Well, I just wanted to let everyone know that I have made some major improvements to my code. I have added many features including CDATA sections (please look at the HACK section. It it massively sub optimal), Safe perl execution of PI code, well formedness testing (although, I am not quite happy with the way I did it), DTD recognition and storage (I don't really parse it up to try to validate yet), an OO interface.

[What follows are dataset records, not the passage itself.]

Lemma nlang_from_dreach u c : eve_wins_g1 (unblock c) -> nlang_from (unblock c) u ->
  exists c', dreach c u c' /\ c'.1 \in oca_F block_oca.
Proof.
elim: u c => [|a u IH] [[p r] n] Hw Hl.
  case: Hl => c' [/nreach_nilE -> Fc].
  by exists ((p, r), n); split; [apply: dreach0 | rewrite inE].
have [d [p' [k' [G _]]]] := eve_wins_g1_good Hw Hl.
have [x Ex] := good_choice_some G; have Gx := good_choice_good Ex.
have [_ [_ [_ [k'' St]]]] := Gx.
have [dD [c' [Ds Ec']]] := nstep_dstep Ex St.
have Hw' : eve_wins_g1 (unblock c') by rewrite Ec'; apply: good_eve_wins_g1 Gx St.
have Hl' : nlang_from (unblock c') u by rewrite Ec'; apply: good_nlang_from Gx St Hl.
have [c2 [R F2]] := IH c' Hw' Hl'.
by exists c2; split=> //; apply: dreachS Ds R.
Qed.

End BlockAutomaton.

Theorem lemma6 (Sigma : finType) (N : ocn Sigma) :
  history_deterministic N -> semilinear_strategy N ->
  exists D : oca Sigma, oca_deterministic D /\ (forall w, dlang D w <-> nlang N w).
Proof.
move=> HD SL; have [M [M_gt0 blocks]] := good_choice_blocks SL.
exists (block_oca N M_gt0); split=> [|w]; first exact: block_oca_deterministic.
split=> [[c [R Fc]]|Hw].
  exists (unblock c); rewrite inE in Fc; split=> //.
  by rewrite -(unblock_init N M_gt0); exact: (dreach_nreach blocks R).
apply: (nlang_from_dreach blocks); rewrite unblock_init //.
exact: history_deterministic_eve_wins_g1.
Qed.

I am still having problems with end of file testing. I am at a loss to figure it out right now so I did other stuff pending. Also, I thought about the ">" ending tag recognition. If I remember correctly, attribute values have to be bounded by quote so that should not be a problem. If a ">" can be part of an attribute name then that causes problems. I probably should look into it.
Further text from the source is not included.